Tempo
bom aquele em que a gente abria os jornais para se inteirar da realidade e ia
ao cinema para fugir dela. Esse tempo já era (se é que um dia ele foi). Hoje o
absurdo anda tão banalizado que, se Lewis Carroll fosse nosso contemporâneo,
não faria Alice viajar até um país distante para comemorar com o Chapeleiro o
desaniversário dela. A menina cantaria parabéns neste mundinho desmaravilhado
mesmo, talvez acompanhada de algum armani de Wall Street. Aqui o buraco do
coelho é mais embaixo.
Aqui
um filmão estrelado por Christian Bale, Steve Carell e Brad Pitt bota as mãos
inteiras nas feridas do capitalismo – ao investigar causas e consequências da
crise imobiliária detonada em 2008 nos Estados Unidos – e a velha imprensa
tupiniquim usa até os pés para aplaudir o livre mercado, responsável pela “reação”

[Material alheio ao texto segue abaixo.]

Lemma inertial_rate_of_conditions (R : realType) (tau al0 be0 th0 ub : R) :
  2^-1 < tau -> tau < 1 -> 0 <= be0 -> be0 < 2^-1 * (tau^-1 - 1) ->
  0 <= al0 -> al0 < (1 - tau) / tau ->
  Num.max ((1 - be0) / (1 + al0 - be0))
          (be0 / (1 + be0 - tau * (1 + al0))) < th0 ->
  ub = (- 1 - be0 + Num.sqrt ((1 + be0) ^+ 2
          - 4 * (tau^-1 - 1 - 2 * be0) * (be0 - 1))) / (2 * (tau^-1 - 1 - 2 * be0)) ->
  th0 <= ub ->
  [/\ 0 < th0, ub < 1, be0 < 2^-1 &
   exists2 rho, 0 < rho < 1 & inertial_rate tau al0 be0 th0 ub rho].
Proof.
move=> t0 t1 b0 hb a0 ha hmax hub th0ub.
have tp : 0 < tau by lra.
have hb' : 2 * be0 * tau < 1 - tau.
  have : 2 * be0 * tau < (tau^-1 - 1) * tau by rewrite ltr_pM2r //; lra.
  by rewrite mulrBl mulVf ?gt_eqF // mul1r.
have ha' : al0 * tau < 1 - tau by rewrite -ltr_pdivlMr.
have d3 : 0 < 1 + al0 - be0 by nra.
have d4 : 0 < 1 + be0 - tau * (1 + al0) by rewrite mulrDr mulr1 (mulrC tau); lra.
move: hmax; rewrite gt_max !ltr_pdivrMr // => /andP[h3 h4].
apply: inertial_rate_exists => //.
have kp : 0 < tau^-1 - 1 - 2 * be0 by lra.
rewrite -addrA; apply: quadratic_formula_root; first by rewrite gt_eqF.
  by rewrite subr_ge0; nra.
by rewrite hub opprD.
Qed.


Lemma nearly_nonincreasing_cvg (R : realType) (u p : nat -> R) (m : R) :
  (forall n, (1 <= n)%N -> m <= u n) ->
  (forall n, (1 <= n)%N -> u n.+1 <= u n + p n) ->
  (forall n, 0 <= p n) -> cvg (series p @ \oo) ->
  exists2 l, m <= l & u @ \oo --> l.
Proof.
move=> hm hstep hp hS; set S := series p.
have Sinc : {homo S : n k / (n <= k)%N >-> n <= k}.
  by apply/nondecreasing_seqP => n; rewrite /S seriesSr lerDl.
have SL := nondecreasing_cvgn_le Sinc hS.
pose t n := u n.+1 - S n.+1.
have tdec : {homo t : n k / (n <= k)%N >-> k <= n}.
  apply/nonincreasing_seqP => n; rewrite /t /S [series _ n.+2]seriesSr.
  have := hstep n.+1 isT; lra.
have tlb : has_lbound (range t).
  exists (m - limn S) => _ [n _ <-]; rewrite /t.
  have := hm n.+1 isT; have := SL n.+1; lra.
have hl : (fun n => u n.+1) @ \oo --> limn t + limn S.
  have -> : (fun n => u n.+1) = t \+ (fun n => S n.+1).
    by apply/funext => n; rewrite /t /= subrK.
  by apply: cvgD; [exact: nonincreasing_is_cvgn tdec tlb | rewrite (cvg_shiftS S)].
exists (limn t + limn S); last by rewrite -(cvg_shiftS u).
rewrite -(cvg_lim _ hl) //; apply: limr_ge; first by apply/cvg_ex; eexists; exact: hl.
by near=> n; apply: hm.
Unshelve. all: by end_near.
Qed.

Section StepSize.
Variables (R : realType) (H : completeNormedModType R) (A : H -> H) (L mu : R).
Variables (mun pn lam : nat -> R) (w y : nat -> H).
Hypotheses (L_gt0 : 0 < L) (A_lipschitz : lipschitz_op A L).
Hypotheses (mu01 : 0 < mu < 1) (lam1_gt0 : 0 < lam 1%N).
Hypotheses (mun_ge0 : forall n, 0 <= mun n) (pn_ge0 : forall n, 0 <= pn n).
Hypothesis lamS : forall n, (1 <= n)%N -> lam n.+1 =
  if A (w n) != A (y n)
  then Num.min ((mun n + mu) * `|w n - y n| / `|A (w n) - A (y n)|) (lam n + pn n)
  else lam n + pn n.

norte-americana depois do crash de oito anos atrás.
Dirigido
por Adam McKay, A grande aposta não é
para pequenos investidores. Inflacionado de termos caros ao universo financeiro,
exige do espectador vultosas quantias de atenção do primeiro ao último minuto.
Meus neurônios quase pediram falência após a sessão. Só não o fizeram porque o
roteiro escrito pelo próprio McKay e Charles Randolph é hábil ao apostar no
humor enquanto apresenta os descaminhos de uma tragédia que poucos previram.
Um
bônus de palmas para a ideia divertida de convidar celebridades como a atriz
Margot Robbie, o chef Anthony Bourdain e a cantora Selena Gomez para traduzir
certas expressões do economês. Miriam Leitão que se cuide.
De
qualquer forma, com ou sem a ajuda desses “especialistas”, o importante ali é
menos o entendimento fino desta ou daquela operação na bolsa – praticamente impossível
para leigos – e mais a compreensão do quão selvagem é o sistema financeiro. Um
sistema cuja existência só se torna possível graças à ganância desregulada das
corporações (sublinhada na sequência em que o personagem de Byron Mann conversa
com o de Steve Carell), à ignorância do grande público (que pode acabar debaixo
da ponte, como se vê numa rápida cena), à cumplicidade míope das agências de
risco (os óculos da representante da Standard & Poor’s falam por si sós), à
omissão conveniente da mídia (também formada por corporações) e ao suporte do
Estado.
Fica
bem claro, ao final do longa, que a fatura daquela joint-venture fadada ao
desastre caiu no colo dos contribuintes americanos – e eles a continuam pagando até
hoje.
Embora
os meios de comunicação de massa venham espalhando que os Estados Unidos
ensaiam uma recuperação da crise em razão de uma “economia de mercado assentada
numa sólida democracia representativa e numa sociedade aberta” (o trecho aí foi
retirado de um recente editorial do jornal O
Globo), o que se tem visto é o aprofundamento da desigualdade por aquelas
bandas. Em Nova York, por exemplo, o número de moradores de rua quase dobrou na
última década – um fenômeno que tem se repetido em outras grandes cidades
americanas.
Ou
seja, enquanto nossas manchetes exaltam a retomada da atividade econômica na
América – o reino de todas as virtudes, a terra das oportunidades, o modelo de
nação a ser seguido por qualquer país que deseje prosperar –, ao mesmo tempo ocultam
o destino da riqueza gerada: os endereços mais caros da Park Avenue.
Por
essas e outras, não me espanto ao ver tantos que dependem do transporte público
esbravejarem por causa de 0,2% da CPMF – imposto que recai também sobre os
milionários – e emudecerem sobre os 10% a mais na passagem de ônibus ou sobre
as manifestações de jovens contra esse aumento abusivo. O que esperar de quem foi
domesticado, desde priscas eras, a buscar informação apenas naquele noticiário
espremido entre as novelas?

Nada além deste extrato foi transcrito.